### EXERCISE REQUIREMENTS
For the entries below, the expected answer is the line with "(forall i, cgood (F i)) -> cgood (fun x => \sum_(i", the line with "Lemma mxgood_add m", and every line between them, exactly as written, and nothing more.

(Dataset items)
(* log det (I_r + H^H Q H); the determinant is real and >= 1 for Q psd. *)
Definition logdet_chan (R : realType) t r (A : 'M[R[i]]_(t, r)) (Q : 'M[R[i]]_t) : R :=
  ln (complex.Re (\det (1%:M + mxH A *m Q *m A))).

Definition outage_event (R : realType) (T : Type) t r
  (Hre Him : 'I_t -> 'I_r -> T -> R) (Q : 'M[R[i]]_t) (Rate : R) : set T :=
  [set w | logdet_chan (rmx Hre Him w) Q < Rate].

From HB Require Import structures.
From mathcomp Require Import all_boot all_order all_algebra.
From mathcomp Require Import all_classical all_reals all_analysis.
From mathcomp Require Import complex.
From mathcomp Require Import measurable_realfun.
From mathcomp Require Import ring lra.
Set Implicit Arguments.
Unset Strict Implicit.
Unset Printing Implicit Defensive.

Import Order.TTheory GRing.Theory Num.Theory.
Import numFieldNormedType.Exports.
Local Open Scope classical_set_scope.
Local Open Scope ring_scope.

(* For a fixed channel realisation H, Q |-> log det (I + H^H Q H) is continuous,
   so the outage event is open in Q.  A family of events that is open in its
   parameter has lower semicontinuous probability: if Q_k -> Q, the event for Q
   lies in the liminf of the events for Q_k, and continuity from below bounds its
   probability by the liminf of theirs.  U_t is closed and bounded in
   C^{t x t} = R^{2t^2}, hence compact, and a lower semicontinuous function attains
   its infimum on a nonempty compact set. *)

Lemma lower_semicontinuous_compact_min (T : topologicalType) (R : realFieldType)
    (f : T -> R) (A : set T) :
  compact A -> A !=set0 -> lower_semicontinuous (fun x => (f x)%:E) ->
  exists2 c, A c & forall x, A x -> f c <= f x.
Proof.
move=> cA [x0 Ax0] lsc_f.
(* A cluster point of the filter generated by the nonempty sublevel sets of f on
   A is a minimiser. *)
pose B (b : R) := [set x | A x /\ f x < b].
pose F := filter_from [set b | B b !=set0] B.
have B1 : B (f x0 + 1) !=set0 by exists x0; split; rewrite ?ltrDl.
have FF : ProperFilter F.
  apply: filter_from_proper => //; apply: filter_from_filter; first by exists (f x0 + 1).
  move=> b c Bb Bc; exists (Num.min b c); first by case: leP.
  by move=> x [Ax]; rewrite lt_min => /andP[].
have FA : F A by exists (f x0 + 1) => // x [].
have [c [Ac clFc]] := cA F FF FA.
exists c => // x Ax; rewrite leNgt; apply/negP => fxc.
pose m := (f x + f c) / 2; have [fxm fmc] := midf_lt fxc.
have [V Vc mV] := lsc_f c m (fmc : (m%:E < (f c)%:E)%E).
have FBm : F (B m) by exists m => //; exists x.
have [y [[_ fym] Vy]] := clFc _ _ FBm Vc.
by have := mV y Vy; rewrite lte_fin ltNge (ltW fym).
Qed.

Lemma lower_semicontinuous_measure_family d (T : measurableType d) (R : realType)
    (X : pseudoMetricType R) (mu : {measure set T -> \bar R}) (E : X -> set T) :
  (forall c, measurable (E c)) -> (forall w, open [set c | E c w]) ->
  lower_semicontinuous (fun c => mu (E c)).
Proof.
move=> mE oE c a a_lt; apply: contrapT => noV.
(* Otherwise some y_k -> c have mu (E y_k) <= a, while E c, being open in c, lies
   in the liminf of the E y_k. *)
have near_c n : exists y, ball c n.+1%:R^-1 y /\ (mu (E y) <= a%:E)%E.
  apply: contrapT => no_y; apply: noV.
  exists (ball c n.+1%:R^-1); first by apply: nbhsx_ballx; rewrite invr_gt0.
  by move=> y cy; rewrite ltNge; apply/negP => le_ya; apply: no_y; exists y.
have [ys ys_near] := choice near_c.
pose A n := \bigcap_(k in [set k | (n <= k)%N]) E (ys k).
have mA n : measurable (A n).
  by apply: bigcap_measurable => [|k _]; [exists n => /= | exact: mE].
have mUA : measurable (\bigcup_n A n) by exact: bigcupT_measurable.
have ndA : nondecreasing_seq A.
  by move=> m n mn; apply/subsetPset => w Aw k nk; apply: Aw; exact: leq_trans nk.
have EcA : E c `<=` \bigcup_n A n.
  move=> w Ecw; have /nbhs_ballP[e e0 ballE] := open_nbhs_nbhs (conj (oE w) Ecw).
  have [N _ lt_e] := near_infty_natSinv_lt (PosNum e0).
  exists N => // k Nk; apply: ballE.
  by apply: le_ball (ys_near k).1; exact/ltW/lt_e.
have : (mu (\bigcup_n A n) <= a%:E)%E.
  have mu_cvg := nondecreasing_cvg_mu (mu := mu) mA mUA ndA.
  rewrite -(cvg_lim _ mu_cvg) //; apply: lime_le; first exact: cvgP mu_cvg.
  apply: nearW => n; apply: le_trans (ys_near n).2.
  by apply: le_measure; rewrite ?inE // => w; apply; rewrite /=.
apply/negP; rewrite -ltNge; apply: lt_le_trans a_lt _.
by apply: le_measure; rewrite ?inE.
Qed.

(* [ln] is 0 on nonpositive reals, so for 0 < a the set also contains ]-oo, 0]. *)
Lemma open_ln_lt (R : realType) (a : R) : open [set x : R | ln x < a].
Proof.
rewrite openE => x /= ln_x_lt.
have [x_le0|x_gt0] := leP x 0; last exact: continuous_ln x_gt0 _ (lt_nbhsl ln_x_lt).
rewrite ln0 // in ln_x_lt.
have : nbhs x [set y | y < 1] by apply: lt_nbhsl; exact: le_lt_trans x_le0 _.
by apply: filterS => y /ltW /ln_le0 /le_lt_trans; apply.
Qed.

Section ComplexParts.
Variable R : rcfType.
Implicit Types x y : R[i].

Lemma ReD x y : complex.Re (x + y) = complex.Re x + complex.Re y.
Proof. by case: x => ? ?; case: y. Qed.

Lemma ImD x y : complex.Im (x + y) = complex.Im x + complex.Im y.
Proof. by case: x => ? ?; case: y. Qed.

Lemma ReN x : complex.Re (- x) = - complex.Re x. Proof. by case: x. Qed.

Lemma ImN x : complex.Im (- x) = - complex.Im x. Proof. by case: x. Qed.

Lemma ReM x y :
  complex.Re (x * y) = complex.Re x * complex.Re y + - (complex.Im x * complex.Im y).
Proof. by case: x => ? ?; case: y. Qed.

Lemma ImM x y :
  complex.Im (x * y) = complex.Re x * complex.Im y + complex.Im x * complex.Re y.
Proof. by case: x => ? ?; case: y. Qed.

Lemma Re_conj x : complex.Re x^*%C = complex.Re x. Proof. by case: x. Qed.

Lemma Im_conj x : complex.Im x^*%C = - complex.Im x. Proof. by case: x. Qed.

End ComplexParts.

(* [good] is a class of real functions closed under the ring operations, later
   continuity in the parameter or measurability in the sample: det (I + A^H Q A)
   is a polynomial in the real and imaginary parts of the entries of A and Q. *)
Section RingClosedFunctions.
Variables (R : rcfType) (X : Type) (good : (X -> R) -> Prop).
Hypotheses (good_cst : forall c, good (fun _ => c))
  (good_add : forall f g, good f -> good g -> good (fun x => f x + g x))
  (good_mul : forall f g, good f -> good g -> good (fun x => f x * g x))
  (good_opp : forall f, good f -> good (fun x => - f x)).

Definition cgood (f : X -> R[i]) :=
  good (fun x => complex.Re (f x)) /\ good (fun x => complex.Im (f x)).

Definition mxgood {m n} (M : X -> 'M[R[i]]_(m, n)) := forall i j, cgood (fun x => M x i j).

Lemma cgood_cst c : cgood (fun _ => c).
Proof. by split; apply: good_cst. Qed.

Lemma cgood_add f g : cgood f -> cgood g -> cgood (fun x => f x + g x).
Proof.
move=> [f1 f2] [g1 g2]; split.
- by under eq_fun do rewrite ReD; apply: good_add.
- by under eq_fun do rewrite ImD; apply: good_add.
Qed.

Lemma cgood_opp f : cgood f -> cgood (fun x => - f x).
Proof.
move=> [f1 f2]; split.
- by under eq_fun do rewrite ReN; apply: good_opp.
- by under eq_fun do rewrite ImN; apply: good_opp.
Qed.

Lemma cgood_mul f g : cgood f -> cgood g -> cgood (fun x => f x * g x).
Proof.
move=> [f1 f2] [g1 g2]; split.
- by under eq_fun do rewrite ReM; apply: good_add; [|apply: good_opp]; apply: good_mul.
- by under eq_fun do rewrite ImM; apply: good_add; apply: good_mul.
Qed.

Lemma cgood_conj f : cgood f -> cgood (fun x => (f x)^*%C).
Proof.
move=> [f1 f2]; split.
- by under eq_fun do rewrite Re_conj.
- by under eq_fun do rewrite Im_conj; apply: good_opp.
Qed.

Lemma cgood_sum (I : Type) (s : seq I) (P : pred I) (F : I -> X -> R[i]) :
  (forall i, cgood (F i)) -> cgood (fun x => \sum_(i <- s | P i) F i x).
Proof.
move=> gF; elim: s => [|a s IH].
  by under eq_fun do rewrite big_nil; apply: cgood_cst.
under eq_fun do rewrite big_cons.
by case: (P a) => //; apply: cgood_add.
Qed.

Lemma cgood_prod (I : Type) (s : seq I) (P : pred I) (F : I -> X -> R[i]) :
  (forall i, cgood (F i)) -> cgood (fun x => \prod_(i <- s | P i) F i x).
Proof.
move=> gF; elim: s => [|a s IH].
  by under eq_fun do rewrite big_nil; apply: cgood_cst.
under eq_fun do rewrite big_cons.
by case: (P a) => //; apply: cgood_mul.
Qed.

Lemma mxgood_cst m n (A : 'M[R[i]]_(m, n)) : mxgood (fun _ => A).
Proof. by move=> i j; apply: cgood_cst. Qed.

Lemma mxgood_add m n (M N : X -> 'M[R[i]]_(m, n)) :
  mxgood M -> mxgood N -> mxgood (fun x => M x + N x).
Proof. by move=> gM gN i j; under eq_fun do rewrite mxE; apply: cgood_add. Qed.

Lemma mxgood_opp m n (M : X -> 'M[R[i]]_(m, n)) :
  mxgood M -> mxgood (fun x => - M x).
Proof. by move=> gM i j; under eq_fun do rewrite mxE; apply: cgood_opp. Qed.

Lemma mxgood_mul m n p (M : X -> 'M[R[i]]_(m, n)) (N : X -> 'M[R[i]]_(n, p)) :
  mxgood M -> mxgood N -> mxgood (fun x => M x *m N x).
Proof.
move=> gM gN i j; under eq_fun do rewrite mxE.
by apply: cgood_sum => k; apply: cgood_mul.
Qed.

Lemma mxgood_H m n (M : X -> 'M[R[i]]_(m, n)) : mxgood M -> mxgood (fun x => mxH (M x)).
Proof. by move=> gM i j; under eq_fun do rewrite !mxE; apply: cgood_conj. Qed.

### RESULT OF THIS EXERCISE
  (forall i, cgood (F i)) -> cgood (fun x => \sum_(i <- s | P i) F i x).
Proof.
move=> gF; elim: s => [|a s IH].
  by under eq_fun do rewrite big_nil; apply: cgood_cst.
under eq_fun do rewrite big_cons.
by case: (P a) => //; apply: cgood_add.
Qed.

Lemma cgood_prod (I : Type) (s : seq I) (P : pred I) (F : I -> X -> R[i]) :
  (forall i, cgood (F i)) -> cgood (fun x => \prod_(i <- s | P i) F i x).
Proof.
move=> gF; elim: s => [|a s IH].
  by under eq_fun do rewrite big_nil; apply: cgood_cst.
under eq_fun do rewrite big_cons.
by case: (P a) => //; apply: cgood_mul.
Qed.

Lemma mxgood_cst m n (A : 'M[R[i]]_(m, n)) : mxgood (fun _ => A).
Proof. by move=> i j; apply: cgood_cst. Qed.

Lemma mxgood_add m n (M N : X -> 'M[R[i]]_(m, n)) :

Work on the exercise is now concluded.